The Court of Appeal majority said, “We find the reasoning in Sutter sound. Nature has provided the human body with two kidneys and simply because the body can survive and adapt without one does not negate a doctor’s responsibility to timely diagnose disease concerned with one of the pair. The human body also has two lungs, two eyes, two ears and other sets of organs which, it could be argued, are not required to perform in pairs to serve their intended purposes. We are highly concerned, however, with the potential implications in giving a ‘pass’ to malpractice that occurs in the case of one of a pair of duplicate organs …Where, as here, the failure to diagnose led to the removal of an entire reserve organ when a timely diagnosis would have left at least 80% of the organ intact and fully functioning, there is a question of fact as to whether plaintiff has suffered any damages due to the loss of the organ. Summary disposition was thus improper.”

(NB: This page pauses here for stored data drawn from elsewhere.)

(* Let $p$ be prime and $A\subset\mathbb{Z}_{p^2}\times\mathbb{Z}_p$ be a spectral set with $\#A>p^2$. Then $A=\mathbb{Z}_{p^2}\times\mathbb{Z}_p$.
   Context: For $b=(b_1,b_2)\in G=\mathbb{Z}_{p^2}\times\mathbb{Z}_p$ let $\chi_b(a_1,a_2)=e^{2\pi i(a_1b_1/p^2+a_2b_2/p)}$. $A\subset G$ is a spectral set if there is $B\subset G$ such that $\{\chi_b|_A:b\in B\}$ is an orthogonal basis of $L^2(A)$ (counting measure). *)

From HB Require Import structures.
From mathcomp Require Import all_boot all_order all_algebra all_field.
Set Implicit Arguments. Unset Strict Implicit. Unset Printing Implicit Defensive.
Import Order.TTheory GRing.Theory Num.Theory.
Local Open Scope ring_scope.

Definition G (p : nat) : finType := ('Z_(p ^ 2) * 'Z_p)%type.

(* e^{2 pi i / p^2} in algC: (p^2).-root (-1) is e^{i pi / p^2}. *)
Definition omega (p : nat) : algC := ((p ^ 2)%N.-root (-1)) ^+ 2.

(* chi_b(a) = e^{2 pi i (a1 b1 / p^2 + a2 b2 / p)}
            = omega^(a1 b1 + p a2 b2). *)
Definition chi (p : nat) (b a : G p) : algC :=
  omega p ^+ ((nat_of_ord a.1) * (nat_of_ord b.1)
              + p * ((nat_of_ord a.2) * (nat_of_ord b.2)))%N.

Definition inprodA (p : nat) (A : {set G p}) (f g : G p -> algC) : algC :=
  \sum_(a in A) f a * (g a)^*.

Definition orth_basis_on (p : nat) (A B : {set G p}) : Prop :=
  (forall b b', b \in B -> b' \in B -> b != b' ->
     inprodA A (chi b) (chi b') = 0) /\
  (forall b, b \in B -> inprodA A (chi b) (chi b) != 0) /\
  (forall f : G p -> algC, exists c : G p -> algC,
     forall a, a \in A -> f a = \sum_(b in B) c b * chi b a).

Definition spectral (p : nat) (A : {set G p}) : Prop :=
  exists B : {set G p}, orth_basis_on A B.

From HB Require Import structures.
From mathcomp Require Import all_boot all_order all_algebra all_field.
From mathcomp Require Import zify.
Set Implicit Arguments. Unset Strict Implicit. Unset Printing Implicit Defensive.
Import GRing.Theory Num.Theory.
Local Open Scope ring_scope.

(* Since the restrictions of the [chi b], [b \in B], span all functions on
   [A], we get #|B| >= #|A| > p^2.  For [x != 0] the p translates [B + j x],
   [j < p], cannot be disjoint in a group of order p^3, so two distinct
   [b, c \in B] satisfy [b - c = m x] with [0 < m < p].  Orthogonality of
   [chi b] and [chi c] on [A] says that the Fourier coefficient
   [char_sum A (m x)] of the indicator of [A] vanishes, and the Galois
   automorphism of Q(omega) sending omega to omega^m moves this zero to [x].
   Thus the Fourier transform of the indicator of [A] is supported at 0, so
   the indicator is constant and [A] is the whole group. *)

Lemma sum_expr_unity_root (R : idomainType) (w : R) n :
  w ^+ n = 1 -> w != 1 -> \sum_(i < n) w ^+ i = 0.
Proof.
move=> wn1 w_neq1; apply/eqP; have := subrX1 w n.
by rewrite wn1 subrr => /esym/eqP; rewrite mulf_eq0 subr_eq0 (negbTE w_neq1).
Qed.

Lemma prim_root_pexp (R : idomainType) (w : R) p k : prime p ->
  w ^+ (p ^ k.+1) = 1 -> w ^+ (p ^ k) != 1 -> (p ^ k.+1).-primitive_root w.
Proof.
move=> p_pr wpk1 wpk_neq1.
have pk1_gt0 : (0 < p ^ k.+1)%N by rewrite expn_gt0 prime_gt0.
have [m w_prim /(dvdn_pfactor _ _ p_pr)[j le_jk1 def_m]] :=
  prim_order_exists pk1_gt0 wpk1.
suff /eqP def_j : j == k.+1 by rewrite -def_j -def_m.
rewrite eqn_leq le_jk1 ltnNge; apply: contra wpk_neq1 => le_jk.
by rewrite -(prim_order_dvd w_prim) def_m dvdn_exp2l.
Qed.

Lemma card_le_spanning (F : fieldType) (I T : finType) (phi : I -> T -> F)
    (A : {set T}) (B : {set I}) :
  (forall f : T -> F, exists c : I -> F,
     forall a, a \in A -> f a = \sum_(b in B) c b * phi b a) ->
  (#|A| <= #|B|)%N.
Proof.
move=> span.
pose M := \matrix_(i < #|B|, j < #|A|) phi (enum_val i) (enum_val j).
suff /eqP <- : row_full M by exact: rank_leq_row.
rewrite -sub1mx; apply/row_subP => j; apply/submxP.
have [c Hc] := span (fun a => (a == enum_val j)%:R).
exists (\row_i c (enum_val i)); apply/rowP => k.
rewrite !mxE -(inj_eq enum_val_inj) eq_sym (Hc _ (enum_valP k)) big_enum_val.
by apply: eq_bigr => i _; rewrite !mxE.
Qed.

Lemma pigeonhole_mulrn (V : finZmodType) (B : {set V}) (x : V) n :
  (#|V| < #|B| * n)%N ->
  exists b c m, [/\ b \in B, c \in B, (0 < m < n)%N & b - c = x *+ m].
Proof.
move=> small_V; pose D := [set u : V * 'I_n | u.1 \in B].
pose f (u : V * 'I_n) := u.1 + x *+ u.2.
have /dinjectivePn[[b j] + [[c k]]] : ~~ dinjectiveb f D.
  apply: contraTN small_V => /dinjectiveP/leq_card_in; rewrite -leqNgt.
  suff -> : #|D| = (#|B| * n)%N by [].
  rewrite -[in RHS](card_ord n) -cardsT -cardsX; apply: eq_card => -[u i].
  by rewrite !inE andbT.
rewrite !inE /= => bB /andP[neq_cb cB].
have shift b' c' (j' k' : nat) : (j' < k')%N ->
    b' + x *+ j' = c' + x *+ k' -> b' - c' = x *+ (k' - j').
  move=> lt_jk; rewrite -(subnKC (ltnW lt_jk)) mulrnDr => e.
  apply: (addIr (c' + x *+ j')); rewrite addrA subrK e.
  by rewrite addKn addrA [RHS]addrC.
rewrite /f /=; case: (ltngtP j k) => [lt_jk | lt_kj | /val_inj eq_jk] eq_f.
- exists b, c, (k - j)%N; split; [by [] | by [] | | exact: shift].
  by rewrite subn_gt0 lt_jk (leq_ltn_trans (leq_subr _ _)).
- exists c, b, (j - k)%N; split; [by [] | by [] | | exact: shift].
  by rewrite subn_gt0 lt_kj (leq_ltn_trans (leq_subr _ _)).
- by move: neq_cb eq_f; rewrite eq_jk => /[swap] /addIr ->; rewrite eqxx.
Qed.

Lemma mulrn_coprime_eq0 (V : zmodType) (x : V) N m :
  (0 < N)%N -> x *+ N = 0 -> coprime m N -> (x *+ m == 0) = (x == 0).
Proof.
move=> N_gt0 xN0 co_mN; apply/eqP/eqP => [xm0 | ->]; last exact: mul0rn.
have [a _] := Bezoutl m N_gt0; rewrite gcdnC (eqP co_mN) => /dvdnP[k def_k].
have : x *+ (1 + a * m) = 0 by rewrite def_k mulnC mulrnA xN0 mul0rn.
by rewrite mulrnDr mulnC mulrnA xm0 mul0rn addr0.
Qed.

Lemma pair_mulrn (U V : zmodType) (u : U) (v : V) m :
  (u, v) *+ m = (u *+ m, v *+ m).
Proof. by elim: m => [|m IHm] //; rewrite !mulrS IHm. Qed.

(* Makes [G p] a [finZmodType], which the library does not do for products. *)
HB.saturate prod.

Section Characters.

Variable p : nat.
Hypothesis p_pr : prime p.

Let p_gt1 : (1 < p)%N := prime_gt1 p_pr.
Let p2_gt1 : (1 < p ^ 2)%N.
Proof. by rewrite -[1%N](exp1n 2) ltn_exp2r. Qed.
Let Zp_p : (Zp_trunc p).+2 = p := Zp_cast p_gt1.
Let Zp_p2 : (Zp_trunc (p ^ 2)).+2 = (p ^ 2)%N := Zp_cast p2_gt1.

Let ltn_Zp (y : 'Z_p) : (y < p)%N.
Proof. by case: y => y /=; rewrite Zp_p. Qed.
Let ltn_Zp2 (y : 'Z_(p ^ 2)) : (y < p ^ 2)%N.
Proof. by case: y => y /=; rewrite Zp_p2. Qed.

Lemma card_G : #|G p| = (p ^ 2 * p)%N.
Proof. by rewrite card_prod !card_ord Zp_p Zp_p2. Qed.

Lemma omega_p2 : omega p ^+ (p ^ 2) = 1.
Proof.
rewrite /omega -exprM mulnC exprM rootCK ?expn_gt0 ?prime_gt0 //.
by rewrite sqrrN expr1n.
Qed.

Lemma omega_modn i j : (i = j %[mod p ^ 2])%N -> omega p ^+ i = omega p ^+ j.
Proof.
by move=> eq_ij; rewrite -(expr_mod i omega_p2) eq_ij (expr_mod j omega_p2).
Qed.

Lemma chiD (b c a : G p) : chi (b + c) a = chi b a * chi c a.
Proof.
rewrite /chi -exprD; apply: omega_modn => /=.
move: (a.1 : nat) (a.2 : nat) (b.1 : nat) (b.2 : nat) (c.1 : nat) (c.2 : nat).
move=> a1 a2 b1 b2 c1 c2.
rewrite Zp_p2 Zp_p (mulnCA p a2) (muln_modr p (b2 + c2) p) mulnn.
rewrite -modnDm modnMmr modnMmr modnDm.
by apply: (congr1 (modn^~ _)); nia.
Qed.

Lemma chiC (b a : G p) : chi b a = chi a b.
Proof. by rewrite /chi mulnC (mulnC a.2). Qed.

Lemma chi0 (a : G p) : chi 0 a = 1.
Proof. by rewrite /chi /= !muln0 addn0 expr0. Qed.

Lemma chiDr (b a c : G p) : chi b (a + c) = chi b a * chi b c.
Proof. by rewrite chiC chiD !(chiC b). Qed.

Lemma chiMn (b a : G p) m : chi (b *+ m) a = chi b a ^+ m.
Proof. by elim: m => [|m IHm]; rewrite ?chi0 // mulrS chiD IHm exprS. Qed.

Lemma chi_p2 (b a : G p) : chi b a ^+ (p ^ 2) = 1.
Proof. by rewrite /chi exprAC omega_p2 expr1n. Qed.

Lemma conj_chi (b a : G p) : (chi b a)^* = chi (- b) a.
Proof.
have chiNK : chi b a * chi (- b) a = 1 by rewrite -chiD subrr chi0.
have norm_chi : `|chi b a| = 1.
  apply/eqP; rewrite -(pexpr_eq1 (n := (p ^ 2)%N)) ?expn_gt0 ?prime_gt0 //.
  by rewrite -normrX chi_p2 normr1.
have chi_neq0 : chi b a != 0.
  by apply: contra_eq_neq chiNK => ->; rewrite mul0r eq_sym oner_neq0.
by apply: (mulfI chi_neq0); rewrite chiNK -normCK norm_chi expr1n.
Qed.

Lemma G_mulrn_p2 (x : G p) : x *+ (p ^ 2) = 0.
Proof.
have Zp_mulrn_char q (y : 'Z_q) : (1 < q)%N -> y *+ q = 0.
  by move=> q_gt1; rewrite -mulr_natr pchar_Zp // mulr0.
case: x => x1 x2; rewrite pair_mulrn Zp_mulrn_char //.
by rewrite -mulnn mulrnA Zp_mulrn_char // mul0rn.
Qed.

Lemma coprime_p2 m : (0 < m < p)%N -> coprime m (p ^ 2).
Proof.
case/andP=> m_gt0 lt_mp.
by rewrite coprime_sym coprimeXl // prime_coprime // gtnNdvd.
Qed.

Lemma G_mulrn_eq0 (x : G p) m : (0 < m < p)%N -> (x *+ m == 0) = (x == 0).
Proof.
move=> m_small.
apply: (mulrn_coprime_eq0 _ (G_mulrn_p2 x) (coprime_p2 m_small)).
by rewrite expn_gt0 prime_gt0.
Qed.

Definition char_sum (A : {set G p}) (x : G p) : algC := \sum_(a in A) chi x a.

Lemma inprodA_chi (A : {set G p}) (b c : G p) :
  inprodA A (chi b) (chi c) = char_sum A (b - c).
Proof. by apply: eq_bigr => a _; rewrite conj_chi chiD. Qed.

Lemma char_sum_mulrn_eq0 (A : {set G p}) (x : G p) m :
  coprime m (p ^ 2) -> char_sum A (x *+ m) = 0 -> char_sum A x = 0.
Proof.
move=> co_m Fxm0; have [u uE] := Qn_aut_exists co_m.
apply/eqP; rewrite -(fmorph_eq0 u) rmorph_sum -[X in _ == X]Fxm0; apply/eqP.
by apply: eq_bigr => a _; rewrite uE ?chi_p2 ?chiMn.
Qed.

Lemma char_sum0 (A : {set G p}) : char_sum A 0 = #|A|%:R.
Proof.
by rewrite /char_sum (eq_bigr (fun _ => 1)) ?sumr_const // => a _; rewrite chi0.
Qed.

Lemma sum_chiE (z : G p) : \sum_(x : G p) chi x z =
  (\sum_(i : 'Z_(p ^ 2)) (omega p ^+ z.1) ^+ i) *
  (\sum_(j : 'Z_p) (omega p ^+ (p * z.2)) ^+ j).
Proof.
rewrite big_distrlr pair_bigA /=; apply: eq_bigr => -[x1 x2] _.
rewrite chiC /chi exprD -!(exprM (omega p)) /=.
by congr (_ * _); congr (_ ^+ _); nia.
Qed.

Lemma sum_chi_eq0 (z : G p) : (p ^ 2).-primitive_root (omega p) ->
  z != 0 -> \sum_(x : G p) chi x z = 0.
Proof.
move=> omega_prim z_neq0; rewrite sum_chiE.
have unity1 k : (omega p ^+ k) ^+ (Zp_trunc (p ^ 2)).+2 = 1.
  by rewrite Zp_p2 exprAC omega_p2 expr1n.
have unity2 k : (omega p ^+ (p * k)) ^+ (Zp_trunc p).+2 = 1.
  by rewrite Zp_p -exprM mulnAC mulnn exprM omega_p2 expr1n.
have [z1_eq0 | z1_neq0] := eqVneq z.1 0.
  have z2_neq0 : z.2 != 0.
    by apply: contraNneq z_neq0; case: z z1_eq0 => ? ? /= -> ->.
  rewrite [X in _ * X]sum_expr_unity_root ?mulr0 //.
  have p2_ndvd k : (0 < k < p)%N -> ~~ (p ^ 2 %| p * k)%N.
    case/andP=> k_gt0 lt_kp.
    by rewrite -mulnn dvdn_pmul2l ?prime_gt0 // gtnNdvd.
  by rewrite -(prim_order_dvd omega_prim) p2_ndvd // lt0n z2_neq0 ltn_Zp.
rewrite [X in X * _]sum_expr_unity_root ?mul0r //.
by rewrite -(prim_order_dvd omega_prim) gtnNdvd ?lt0n ?ltn_Zp2.
Qed.

Section SupportedAtZero.

Variable A : {set G p}.
Hypothesis char_sum_supp : forall x, x != 0 -> char_sum A x = 0.
Hypothesis A_neq0 : A != set0.

Let card_A_neq0 : (#|A|%:R : algC) != 0.
Proof. by rewrite pnatr_eq0 cards_eq0. Qed.

(* Rather than computing the argument of [(p ^ 2).-root (-1)], we read the
   primitivity of [omega p] off the hypothesis: if [omega p ^+ p = 1], every
   character is trivial at [(p, 0) != 0], where [char_sum A] would be [#|A|]. *)
Lemma prim_root_omega : (p ^ 2).-primitive_root (omega p).
Proof.
apply: (prim_root_pexp (k := 1) p_pr omega_p2); rewrite expn1.
apply: contra card_A_neq0 => /eqP omega_p1.
pose x : G p := (p%:R, 0).
have x1E : x.1 = p :> nat.
  by rewrite /= val_Zp_nat // modn_small // -mulnn ltn_Pmull ?prime_gt0.
have x_neq0 : x != 0.
  apply: contraTneq (prime_gt0 p_pr).
  by move=> /(congr1 (fun u : G p => nat_of_ord u.1)); rewrite x1E => ->.
rewrite -char_sum0 -(char_sum_supp x_neq0); apply/eqP/eq_bigr => a _.
by rewrite chi0 chiC /chi x1E /= !muln0 addn0 exprM omega_p1 expr1n.
Qed.

Lemma char_sum_supp0_setT : A = [set: G p].
Proof.
apply/setP => y; rewrite inE; apply: contraTT card_A_neq0 => yA.
rewrite negbK; apply/eqP.
have -> : #|A|%:R = \sum_(x : G p) char_sum A x * chi x (- y).
  rewrite (bigD1 (0 : G p)) //= char_sum0 chi0 mulr1 big1 ?addr0 // => x x_neq0.
  by rewrite char_sum_supp // mul0r.
under eq_bigr => x _ do rewrite /char_sum mulr_suml.
rewrite exchange_big big1 //= => a aA.
under eq_bigr => x _ do rewrite -chiDr.
apply: sum_chi_eq0 prim_root_omega _; rewrite subr_eq0.
by apply: contraNneq yA => <-.
Qed.

End SupportedAtZero.

End Characters.

Theorem lemma5p2 (p : nat) (A : {set G p}) :
  prime p -> spectral A -> (p ^ 2 < #|A|)%N -> A = [set: G p].
Proof.
move=> p_pr [B [chi_orth [_ chi_span]]] lt_p2_A.
have lt_p2_B : (p ^ 2 < #|B|)%N :=
  leq_trans lt_p2_A (card_le_spanning chi_span).
apply: char_sum_supp0_setT => // [x x_neq0|]; last first.
  by rewrite -card_gt0 (leq_ltn_trans _ lt_p2_A).
have [|b [c [m [bB cB m_small bcE]]]] :=
  @pigeonhole_mulrn (G p : finZmodType) B x p.
  by rewrite (card_G p_pr) ltn_pmul2r ?prime_gt0.
apply: (char_sum_mulrn_eq0 p_pr (coprime_p2 p_pr m_small)).
rewrite -bcE -(inprodA_chi p_pr); apply: chi_orth => //.
by rewrite -subr_eq0 bcE G_mulrn_eq0.
Qed.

The dissenting judge, while agreeing with the majority’s decision to dismiss claims against the hospital, argued that Huddleston had not suffered a “compensable injury.” Huddleston’s own urology expert’s testimony “establishes that Huddleston’s damages are speculative, and thus she is not entitled to recovery,” the judge said. Any restrictions on Huddleston, such as avoiding a high protein diet and not participating in extreme sports, are “not significant” compared to those that would be placed on a patient who had a partial nephrectomy, the dissent maintained.
“Additionally, there is no evidence of any ailments that Huddleston is unable to treat because she only has one kidney. Moreover, while Huddleston testified that one of her concerns is being unable to be a kidney donor if needed for one of her children, [her expert witness] explained that regardless of whether Huddleston had a partial or a total nephrectomy, she would be prohibited from kidney donation because of her history of cancer. The evidence supports that after the total nephrectomy, Huddleston was cancer free and her remaining kidney was functioning within normal limits.”
IHA and Leon appealed to the Michigan Supreme Court. In an order dated April 3, 2013, the Supreme Court ordered the case to be scheduled for oral argument on whether to grant the application or take other action. The Court directed the parties to address “whether the Court of Appeals erred when it concluded that the plaintiff suffered a compensable injury; whether it misapplied Sutter v Biggs, 377 Mich 80 (1966); and whether its decision is contrary to Henry v Dow Chemical Co, 473 Mich 63 (2005).”